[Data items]
(* Assume all $\lambda_k>0$ and $\mu_k>0$, and let $\bar X=(\bar X_{i,k})$ have the stationary distribution of the two-layer loss system with parameters $(m,n,\lambda,\mu)$. Then for each class $k$: $\mathrm{Erl}(m_k,\lambda_k/\mu_k)\le_{\mathrm{st}}\bar X_{1,k}+\bar X_{2,k}\le_{\mathrm{st}}\mathrm{Erl}(m_k+n,\lambda_k/\mu_k)$. Consequently, with $a_k=\mathbb{E}(\bar X_{1,k}+\bar X_{2,k})$, $\theta_k=\mu_k a_k$ and $b_k=P(\bar X\in B_k)$: $a_{\mathrm{Erl}}(m_k,\lambda_k/\mu_k)\le a_k\le a_{\mathrm{Erl}}(m_k+n,\lambda_k/\mu_k)$, $\mu_k a_{\mathrm{Erl}}(m_k,\lambda_k/\mu_k)\le\theta_k\le\mu_k a_{\mathrm{Erl}}(m_k+n,\lambda_k/\mu_k)$, $b_{\mathrm{Erl}}(m_k+n,\lambda_k/\mu_k)\le b_k\le b_{\mathrm{Erl}}(m_k,\lambda_k/\mu_k)$.
   Context: Two-layer loss system with parameters $(m,n,\lambda,\mu)$: Markov process on $S=\{x\in\mathbb{Z}_+^K\times\mathbb{Z}_+^K:x_{1,k}\le m_k\ \forall k,\ \sum_kx_{2,k}\le n\}$ ($x_{i,k}$ = number of class-$k$ customers at layer $i$) with transitions $x\mapsto x+e_{1,k}$ at rate $\lambda_k1(x_{1,k}<m_k)$, $x\mapsto x+e_{2,k}$ at rate $\lambda_k1(x_{1,k}=m_k,\sum_lx_{2,l}<n)$, $x\mapsto x-e_{i,k}$ at rate $\mu_kx_{i,k}$. $B_k=\{x\in S:x_{1,k}=m_k,\ \sum_lx_{2,l}=n\}$ is the set of states where class-$k$ arrivals are rejected, so $b_k$ is the class-$k$ blocking probability and $\theta_k$ the mean class-$k$ throughput (satisfying $\lambda_k(1-b_k)=\theta_k$). $\mathrm{Erl}(s,\rho)$ denotes a random variable on $\{0,\dots,s\}$ with $P(\mathrm{Erl}(s,\rho)=i)=\frac{\rho^i/i!}{\sum_{j=0}^s\rho^j/j!}$; $a_{\mathrm{Erl}}(s,\rho)$ is its mean and $b_{\mathrm{Erl}}(s,\rho)=P(\mathrm{Erl}(s,\rho)=s)$ (Erlang B formula). $\le_{\mathrm{st}}$ between real random variables is the usual stochastic order. *)

From HB Require Import structures.
From mathcomp Require Import all_boot all_order all_algebra.
Set Implicit Arguments. Unset Strict Implicit. Unset Printing Implicit Defensive.
Import Order.TTheory GRing.Theory Num.Theory.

* [Exercise aim]
In the records above, some lines may contain the word "system"; copy every one of them.

* [Worked solution]
(* Assume all $\lambda_k>0$ and $\mu_k>0$, and let $\bar X=(\bar X_{i,k})$ have the stationary distribution of the two-layer loss system with parameters $(m,n,\lambda,\mu)$. Then for each class $k$: $\mathrm{Erl}(m_k,\lambda_k/\mu_k)\le_{\mathrm{st}}\bar X_{1,k}+\bar X_{2,k}\le_{\mathrm{st}}\mathrm{Erl}(m_k+n,\lambda_k/\mu_k)$. Consequently, with $a_k=\mathbb{E}(\bar X_{1,k}+\bar X_{2,k})$, $\theta_k=\mu_k a_k$ and $b_k=P(\bar X\in B_k)$: $a_{\mathrm{Erl}}(m_k,\lambda_k/\mu_k)\le a_k\le a_{\mathrm{Erl}}(m_k+n,\lambda_k/\mu_k)$, $\mu_k a_{\mathrm{Erl}}(m_k,\lambda_k/\mu_k)\le\theta_k\le\mu_k a_{\mathrm{Erl}}(m_k+n,\lambda_k/\mu_k)$, $b_{\mathrm{Erl}}(m_k+n,\lambda_k/\mu_k)\le b_k\le b_{\mathrm{Erl}}(m_k,\lambda_k/\mu_k)$.
   Context: Two-layer loss system with parameters $(m,n,\lambda,\mu)$: Markov process on $S=\{x\in\mathbb{Z}_+^K\times\mathbb{Z}_+^K:x_{1,k}\le m_k\ \forall k,\ \sum_kx_{2,k}\le n\}$ ($x_{i,k}$ = number of class-$k$ customers at layer $i$) with transitions $x\mapsto x+e_{1,k}$ at rate $\lambda_k1(x_{1,k}<m_k)$, $x\mapsto x+e_{2,k}$ at rate $\lambda_k1(x_{1,k}=m_k,\sum_lx_{2,l}<n)$, $x\mapsto x-e_{i,k}$ at rate $\mu_kx_{i,k}$. $B_k=\{x\in S:x_{1,k}=m_k,\ \sum_lx_{2,l}=n\}$ is the set of states where class-$k$ arrivals are rejected, so $b_k$ is the class-$k$ blocking probability and $\theta_k$ the mean class-$k$ throughput (satisfying $\lambda_k(1-b_k)=\theta_k$). $\mathrm{Erl}(s,\rho)$ denotes a random variable on $\{0,\dots,s\}$ with $P(\mathrm{Erl}(s,\rho)=i)=\frac{\rho^i/i!}{\sum_{j=0}^s\rho^j/j!}$; $a_{\mathrm{Erl}}(s,\rho)$ is its mean and $b_{\mathrm{Erl}}(s,\rho)=P(\mathrm{Erl}(s,\rho)=s)$ (Erlang B formula). $\le_{\mathrm{st}}$ between real random variables is the usual stochastic order. *)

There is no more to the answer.